> BRIEF
Reproduce this listing from its first line through the line with "by rewrite /short /=; lia.", inclusive, leaving out all that follows.

> INFORMATION GIVEN
Lemma coef_proj x w : coef (proj x) w = if short w then coef x w else 0.
Proof.
rewrite !coefE lin_bind; case: ifPn => w_short.
  by apply: eq_lin => u; rewrite lin_proj_word; case: ifPn => // /(kron_short w_short) ->.
apply: lin0 => u; rewrite lin_proj_word; case: ifPn => // u_short.
by rewrite /kron; case: eqP => // uw; rewrite -uw u_short in w_short.
Qed.

Lemma delta0_proj x : nceq (delta0 (proj x)) [::].
Proof.
move=> w; rewrite coefE delta0E !lin_bind coefE lin_nil; apply: lin0 => u.
by rewrite lin_proj_word; case: ifP => // /shortP [] ->; apply: lin_nil.
Qed.

Lemma lin_delta0_word_long F u :
  (forall v, (1 < size v)%N -> F v = 0) -> lin F (delta0_word R u) = 0.
Proof.
elim: u F => [|a u IH] F F_long; first exact: lin_nil.
rewrite lin_delta0_word_cons IH ?mulr0 ?addr0 => [|v v_long]; last exact/F_long/leqW.
by rewrite lin_Sgen big1 // => i _; rewrite F_long ?mulr0 // size_cat.
Qed.

Lemma coef_delta0_short y w : short w -> coef (delta0 y) w = 0.
Proof.
move=> w_short; rewrite coefE delta0E lin_bind; apply: lin0 => u.
by apply: lin_delta0_word_long => v /long_not_short; apply: kron_short.
Qed.

Lemma lin_ideal_gen_long F b k :
  (1 < k)%N -> (forall v, ~~ short v -> F v = 0) -> lin F (ideal_gen b k) = 0.
Proof.
move=> k_gt1 F_long; case: b => /=.
  by rewrite lin_Sgen big1 // => i _; rewrite F_long ?mulr0 //; apply: long_not_short.
rewrite lin_cons lin_nil F_long ?mulr0 ?addr0 //.
by rewrite /short /=; lia.
Qed.

Lemma coef_inI_short n z w : level_le (Some 2%N) n -> inI n z -> short w -> coef z w = 0.
Proof.
move=> n_ge2 [gs [gs_n z_gs]] w_short.
rewrite z_gs coefE lin_flatten big_map big_seq big1 // => -[[y [b k]] y'] e_gs.
have k_gt1 := geq_level_gt1 n_ge2 (allP gs_n _ e_gs).
rewrite !lin_ncmul; apply: lin0 => a; rewrite (lin_ideal_gen_long _ k_gt1) // => v v_long.
apply: lin0 => s; apply: (kron_short w_short); apply: contra v_long.
by rewrite -catA; apply: short_infix.
Qed.

Lemma homog_opp p q x : homog p q x -> homog p q (ncopp x).
Proof. by move=> x_pq w; rewrite coef_opp oppr_eq0; apply: x_pq. Qed.

Lemma homog_sub p q x y : homog p q x -> homog p q y -> homog p q (ncsub x y).
Proof.
move=> x_pq y_pq w; rewrite coef_sub.
by have [x0 | /x_pq //] := eqVneq (coef x w) 0; rewrite x0 sub0r oppr_eq0 => /y_pq.
Qed.

Lemma homog_proj p q x : homog p q x -> homog p q (proj x).
Proof. by move=> x_pq w; rewrite coef_proj; case: ifP => _; [apply: x_pq | rewrite eqxx]. Qed.

Lemma hcoefE w u : hcoef w u = if w is c.+1 :: r then kron [:: 0%N, c & r] u else 0.
Proof.
by case: u => [|[|a] [|b u]]; case: w => [|[|c] r];
  rewrite /hcoef /= ?lin_cons ?lin_nil /kron /= ?mul1r ?addr0.
Qed.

> OUTPUT FOR THIS TASK
Lemma coef_proj x w : coef (proj x) w = if short w then coef x w else 0.
Proof.
rewrite !coefE lin_bind; case: ifPn => w_short.
  by apply: eq_lin => u; rewrite lin_proj_word; case: ifPn => // /(kron_short w_short) ->.
apply: lin0 => u; rewrite lin_proj_word; case: ifPn => // u_short.
by rewrite /kron; case: eqP => // uw; rewrite -uw u_short in w_short.
Qed.

Lemma delta0_proj x : nceq (delta0 (proj x)) [::].
Proof.
move=> w; rewrite coefE delta0E !lin_bind coefE lin_nil; apply: lin0 => u.
by rewrite lin_proj_word; case: ifP => // /shortP [] ->; apply: lin_nil.
Qed.

Lemma lin_delta0_word_long F u :
  (forall v, (1 < size v)%N -> F v = 0) -> lin F (delta0_word R u) = 0.
Proof.
elim: u F => [|a u IH] F F_long; first exact: lin_nil.
rewrite lin_delta0_word_cons IH ?mulr0 ?addr0 => [|v v_long]; last exact/F_long/leqW.
by rewrite lin_Sgen big1 // => i _; rewrite F_long ?mulr0 // size_cat.
Qed.

Lemma coef_delta0_short y w : short w -> coef (delta0 y) w = 0.
Proof.
move=> w_short; rewrite coefE delta0E lin_bind; apply: lin0 => u.
by apply: lin_delta0_word_long => v /long_not_short; apply: kron_short.
Qed.

Lemma lin_ideal_gen_long F b k :
  (1 < k)%N -> (forall v, ~~ short v -> F v = 0) -> lin F (ideal_gen b k) = 0.
Proof.
move=> k_gt1 F_long; case: b => /=.
  by rewrite lin_Sgen big1 // => i _; rewrite F_long ?mulr0 //; apply: long_not_short.
rewrite lin_cons lin_nil F_long ?mulr0 ?addr0 //.
by rewrite /short /=; lia.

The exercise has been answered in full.